_DESCRIPTION OF THE TASK_
Go through the records below and copy out every line holding "eqxx".

--- RECORDS FOR PROCESSING ---

(* Let $u$ be a quasi-definite linear functional on $\mathbb C[\boldsymbol x]$, $\boldsymbol\gamma:I\to\mathbb R^D$ a smooth curve on an interval $I\subset\mathbb R$, $w:I\to\mathbb C$ a weight, $v$ the linear functional $\langle v,P\rangle=\int_IP(\boldsymbol\gamma(s))w(s)\,ds$, and $\hat u=u+v$, assumed quasi-definite. Put $\pi_{[m]}(t)=P_{[m]}(\boldsymbol\gamma(t))$, $\hat\pi_{[n]}(t)=\hat P_{[n]}(\boldsymbol\gamma(t))$ and $A_{[l],[m]}=\int_I\pi_{[l]}(s)\pi_{[m]}(s)^\top w(s)\,ds$. Then for $n\ge1$ $$\hat\pi_{[n]}(t)=\Theta_*\begin{pmatrix}H_{[0]}+A_{[0],[0]}&\cdots&A_{[0],[n-1]}&\pi_{[0]}(t)\\ \vdots&\ddots&\vdots&\vdots\\ A_{[n-1],[0]}&\cdots&H_{[n-1]}+A_{[n-1],[n-1]}&\pi_{[n-1]}(t)\\ A_{[n],[0]}&\cdots&A_{[n],[n-1]}&\pi_{[n]}(t)\end{pmatrix},$$ and $$\hat P_{[n]}(\boldsymbol x)=P_{[n]}(\boldsymbol x)-\int_I\hat\pi_{[n]}(s)K_{n-1}(\boldsymbol\gamma(s),\boldsymbol x)w(s)\,ds,\qquad \hat H_{[n]}=H_{[n]}+\int_I\hat\pi_{[n]}(s)\pi_{[n]}(s)^\top w(s)\,ds.$$
   Context: Multi-indices ordered by graded lexicographic order; $\chi(\boldsymbol x)$ the semi-infinite vector of monomials with blocks $\chi_{[k]}$. For a linear functional $u$ on $\mathbb C[\boldsymbol x]$ (applied entrywise), moment matrix $G=\langle u,\chi\chi^\top\rangle$; quasi-definite: all block truncations nonsingular; then $G=S^{-1}HS^{-\top}$ with $S$ block lower unitriangular and $H$ block diagonal with blocks $H_{[k]}$; $P=S\chi$ with blocks $P_{[k]}$ are the monic orthogonal polynomials; hats refer to $\hat u$. $K_{n-1}(\boldsymbol x,\boldsymbol y)=\sum_{m=0}^{n-1}P_{[m]}(\boldsymbol x)^\top H_{[m]}^{-1}P_{[m]}(\boldsymbol y)$. Last quasi-determinant: $\Theta_*\begin{pmatrix}A&B\\C&D\end{pmatrix}=D-CA^{-1}B$, last block row/column being the last displayed ones. *)

From HB Require Import structures.
From mathcomp Require Import all_boot all_order all_algebra.
From mathcomp Require Import mpoly.
From mathcomp Require Import complex.
From mathcomp Require Import classical_sets boolp reals ereal set_interval
  topology normedtype derive measure lebesgue_measure lebesgue_integral.

Set Implicit Arguments.
Unset Strict Implicit.
Unset Printing Implicit Defensive.

Import Order.TTheory GRing.Theory Num.Theory.
Import numFieldNormedType.Exports.
Local Open Scope ring_scope.

Section Defs.
Variables (R : realType) (D : nat).
Local Notation C := R[i].
Local Notation mon := 'X_{1..D}.
Local Notation poly := {mpoly C[D]}.
Lemma dotvNl a x : dotv (- a) x = - dotv a x.
Proof. by rewrite /dotv -sumrN; apply: eq_bigr => i _; rewrite mxE mulNr. Qed.

Lemma dotvNr a x : dotv a (- x) = - dotv a x.
Proof. by rewrite dotvC dotvNl dotvC. Qed.

Lemma dotv_sumr (I : finType) (w : I -> R) (X : I -> pt) a :
  dotv a (\sum_i w i *: X i) = \sum_i w i * dotv a (X i).
Proof.
rewrite /dotv; under eq_bigr => j _ do rewrite summxE mulr_sumr.
rewrite exchange_big; apply: eq_bigr => i _; rewrite mulr_sumr.
by apply: eq_bigr => j _; rewrite mxE mulrCA.
Qed.

Lemma dotv_delta x i : dotv (delta_mx 0 i) x = x 0 i.
Proof.
rewrite /dotv (bigD1 i) //= big1 ?addr0 => [|j ji]; first by rewrite mxE !eqxx mul1r.
by rewrite mxE eqxx (negbTE ji) mul0r.
Qed.

Lemma dotv_delta_delta (i j : 'I_d) : dotv (delta_mx 0 i : pt) (delta_mx 0 j) = (i == j)%:R.
Proof. by rewrite dotv_delta mxE eqxx. Qed.

Lemma dotv_orthonormal_inj (I : eqType) (f : I -> pt) :
  (forall i j, dotv (f i) (f j) = (i == j)%:R) -> injective f.
Proof.
move=> f_on i j fij; apply/eqP; have := f_on i j.
by rewrite fij f_on eqxx; case: (i == j) => // /eqP; rewrite oner_eq0.
Qed.

Section ConvexCombination.
Variables (n : nat) (w : 'I_n -> R) (X : 'I_n -> pt).
Hypotheses (w_ge0 : forall i, 0 <= w i) (w_sum1 : \sum_i w i = 1).

Lemma exists_weight_gt0 : exists i, 0 < w i.
Proof.
apply/existsP; apply: contraT => /existsPn w_le0.
have : \sum_i w i == 0.
  by rewrite psumr_eq0 //; apply/allP => i _; rewrite eq_le w_ge0 andbT leNgt w_le0.
by rewrite w_sum1 oner_eq0.
Qed.

Lemma dotv_comb_le a b : (forall i, 0 < w i -> dotv a (X i) <= b) ->
  dotv a (\sum_i w i *: X i) <= b.
Proof.
move=> le_b; rewrite dotv_sumr -[b]mul1r -w_sum1 mulr_suml.
apply: ler_sum => i _; have [wi0|wi_gt0] := eqVneq (w i) 0; first by rewrite wi0 !mul0r.
by apply: ler_wpM2l => //; apply: le_b; rewrite lt_def wi_gt0 w_ge0.
Qed.

Lemma dotv_comb_eq a b : (forall i, 0 < w i -> dotv a (X i) <= b) ->
  dotv a (\sum_i w i *: X i) = b -> forall i, 0 < w i -> dotv a (X i) = b.
Proof.
move=> le_b comb_b i wi_gt0.
have slack_ge0 j : 0 <= w j * (b - dotv a (X j)).
  have [wj0|wj_gt0] := eqVneq (w j) 0; first by rewrite wj0 mul0r.
  by rewrite mulr_ge0 // subr_ge0 le_b // lt_def wj_gt0 w_ge0.
have /psumr_eq0P slack0 : \sum_j w j * (b - dotv a (X j)) = 0.
  under eq_bigr => j _ do rewrite mulrBr.
  by rewrite sumrB -mulr_suml w_sum1 mul1r -dotv_sumr comb_b subrr.
have /eqP := slack0 (fun j _ => slack_ge0 j) i isT.
by rewrite mulf_eq0 gt_eqF //= subr_eq0 => /eqP.
Qed.

Lemma comb_const v : (forall i, 0 < w i -> X i = v) -> \sum_i w i *: X i = v.
Proof.
move=> Xv; rewrite -[v]scale1r -w_sum1 scaler_suml; apply: eq_bigr => i _.
have [->|wi_gt0] := eqVneq (w i) 0; first by rewrite !scale0r.
by rewrite Xv // lt_def wi_gt0 w_ge0.
Qed.

End ConvexCombination.

Lemma conv_nth V (i : 'I_(size V)) : conv V V`_i.
Proof.
exists (fun j => (j == i)%:R); split=> [j||]; first by rewrite ler0n.
  by rewrite (bigD1 i) //= eqxx big1 ?addr0 // => j /negbTE ->.
by rewrite (bigD1 i) //= eqxx scale1r big1 ?addr0 // => j /negbTE ->; rewrite scale0r.
Qed.

Lemma conv_mem V v : v \in V -> conv V v.
Proof.
by move=> vV; have := conv_nth (Ordinal (etrans (index_mem v V) vV)); rewrite /= nth_index.
Qed.

Lemma conv_dotv_le V a b : (forall i : 'I_(size V), dotv a V`_i <= b) ->
  forall x, conv V x -> dotv a x <= b.
Proof. by move=> le_b x [w [w_ge0 w_sum1 ->]]; apply: dotv_comb_le. Qed.

Lemma conv_opp V V' : {subset map -%R V <= V'} -> forall x, conv V x -> conv V' (- x).
Proof.
move=> VNV' x [w [w_ge0 w_sum1 ->]].
have VNV'_nth (i : 'I_(size V)) : - V`_i \in V' by rewrite VNV' // map_f // mem_nth.
pose p (i : 'I_(size V)) : 'I_(size V') :=
  Ordinal (etrans (index_mem _ _) (VNV'_nth i)).
exists (fun j => \sum_(i | p i == j) w i); split=> [j||].
- exact: sumr_ge0.
- by rewrite -w_sum1 (partition_big p predT).
rewrite -sumrN (partition_big p predT) //; apply: eq_bigr => j _.
rewrite scaler_suml; apply: eq_bigr => i /eqP <-.
by rewrite nth_index // scalerN.
Qed.

Lemma conv_cs V : {subset map -%R V <= V} -> centrally_symmetric (conv V).
Proof.
move=> VN x; split=> [|/(conv_opp VN)]; first exact: conv_opp.
by rewrite opprK.
Qed.

Lemma conv_full_dimensional V :
  {subset map -%R V <= V} -> (forall i, delta_mx 0 i \in V) -> full_dimensional (conv V).
Proof.
move=> VN delta_V a b a_b; apply/rowP => i; rewrite mxE.
have := a_b _ (conv_mem (delta_V i)).
have := a_b _ (conv_mem (VN _ (map_f _ (delta_V i)))).
rewrite dotvNr !(dotvC a) dotv_delta; lra.
Qed.

(* Satisfied both by conv V and by its faces, so that vertices of either are
   characterised once. *)
Definition conv_supported V (F : pt -> Prop) := forall x, F x ->
  exists w : 'I_(size V) -> R, [/\ forall i, 0 <= w i, \sum_i w i = 1,
     x = \sum_i w i *: V`_i & forall i, 0 < w i -> F V`_i].
(* Let $\Gamma$ be a finite multiset of ${\sf Frm_2}$-formulas and $\Delta$ a finite multiset of ${\sf Frm}$-formulas. If $\Gamma\Rightarrow\Delta$ is derivable in ${\sf GWF_{N_2}}$, then $\Gamma\Rightarrow\bigvee\Delta$ is derivable in ${\sf GWF^s_{N_2}}$.
   Context: Language: countably many atoms $p,q,\dots$, the constant $\bot$, and binary connectives $\wedge,\vee,\rightarrow$ ($\rightarrow$ is strict implication). ${\sf Frm}$ is the set of formulas built from atoms and $\bot$ with $\wedge,\vee,\rightarrow$; $A,B,C,D$ range over ${\sf Frm}$. Let $\supset$ be a new binary symbol (material implication) and ${\sf Frm_1}={\sf Frm}\cup\{A\supset B : A,B\in{\sf Frm}\}$ (no nesting of $\supset$). ${\sf Frm_2}$ is the smallest set containing ${\sf Frm_1}$ and closed under $\wedge$ and $\vee$; $X,Y,Z$ range over ${\sf Frm_2}$. Multi-succedent sequents are $\Gamma\Rightarrow\Delta$ with $\Gamma,\Delta$ finite multisets of ${\sf Frm_2}$-formulas. The calculus ${\sf GWF_{N_2}}$ has initial sequents $(id)$ $p,\Gamma\Rightarrow\Delta,p$ ($p$ an atom) and $(L_\bot)$ $\bot,\Gamma\Rightarrow\Delta$, and rules (premises / conclusion): $(L_\wedge)$ $X,Y,\Gamma\Rightarrow\Delta$ / $X\wedge Y,\Gamma\Rightarrow\Delta$; $(R_\wedge)$ $\Gamma\Rightarrow\Delta,X$ and $\Gamma\Rightarrow\Delta,Y$ / $\Gamma\Rightarrow\Delta,X\wedge Y$; $(L_\vee)$ $X,\Gamma\Rightarrow\Delta$ and $Y,\Gamma\Rightarrow\Delta$ / $X\vee Y,\Gamma\Rightarrow\Delta$; $(R_\vee)$ $\Gamma\Rightarrow\Delta,X,Y$ / $\Gamma\Rightarrow\Delta,X\vee Y$; $(L_\supset)$ $\Gamma\Rightarrow\Delta,A$ and $B,\Gamma\Rightarrow\Delta$ / $A\supset B,\Gamma\Rightarrow\Delta$; $(R_\supset)$ $A,\Gamma\Rightarrow\Delta,B$ / $\Gamma\Rightarrow\Delta,A\supset B$; $(LR_\rightarrow)$ $C\supset D,A\Rightarrow B$ / $\Gamma,C\rightarrow D\Rightarrow\Delta,A\rightarrow B$; $(R_\rightarrow)$ $A\Rightarrow B$ / $\Gamma\Rightarrow\Delta,A\rightarrow B$. The single-succedent calculus ${\sf GWF^s_{N_2}}$ (sequents $\Gamma\Rightarrow Z$, $Z\in{\sf Frm_2}$) has initial sequents $(id^s)$ $p,\Gamma\Rightarrow p$ and $(L^s_\bot)$ $\bot,\Gamma\Rightarrow Z$, and rules: $(L^s_\wedge)$ $X,Y,\Gamma\Rightarrow Z$ / $X\wedge Y,\Gamma\Rightarrow Z$; $(R^s_\wedge)$ $\Gamma\Rightarrow X$ and $\Gamma\Rightarrow Y$ / $\Gamma\Rightarrow X\wedge Y$; $(L^s_\vee)$ $X,\Gamma\Rightarrow Z$ and $Y,\Gamma\Rightarrow Z$ / $X\vee Y,\Gamma\Rightarrow Z$; $(R^s_{\vee_l})$ $\Gamma\Rightarrow X$ / $\Gamma\Rightarrow X\vee Y$; $(R^s_{\vee_r})$ $\Gamma\Rightarrow Y$ / $\Gamma\Rightarrow X\vee Y$; $(L^s_\supset)$ $A\supset B,\Gamma\Rightarrow A$ and $B,\Gamma\Rightarrow Z$ / $A\supset B,\Gamma\Rightarrow Z$; $(R^s_\supset)$ $A,\Gamma\Rightarrow B$ / $\Gamma\Rightarrow A\supset B$; $(LR^s_\rightarrow)$ $C\supset D,A\Rightarrow B$ / $\Gamma,C\rightarrow D\Rightarrow A\rightarrow B$; $(R^s_\rightarrow)$ $A\Rightarrow B$ / $\Gamma\Rightarrow A\rightarrow B$. In all rules $A,B,C,D\in{\sf Frm}$, $X,Y,Z\in{\sf Frm_2}$, $\Gamma,\Delta$ arbitrary finite multisets of ${\sf Frm_2}$-formulas. $\bigvee\Delta$ is the disjunction of the members of $\Delta$ (the empty disjunction being $\bot$). *)

(* Multisets are represented as lists; derivability is closed
   under permutation of the antecedent / succedent by explicit exchange rules,
   so derivability only depends on the underlying multisets. *)
From Stdlib Require Import List Permutation.
Import ListNotations.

---

_TASK SOLUTION_
rewrite /dotv (bigD1 i) //= big1 ?addr0 => [|j ji]; first by rewrite mxE !eqxx mul1r.
by rewrite mxE eqxx (negbTE ji) mul0r.
Proof. by rewrite dotv_delta mxE eqxx. Qed.
by rewrite fij f_on eqxx; case: (i == j) => // /eqP; rewrite oner_eq0.
  by rewrite (bigD1 i) //= eqxx big1 ?addr0 // => j /negbTE ->.
by rewrite (bigD1 i) //= eqxx scale1r big1 ?addr0 // => j /negbTE ->; rewrite scale0r.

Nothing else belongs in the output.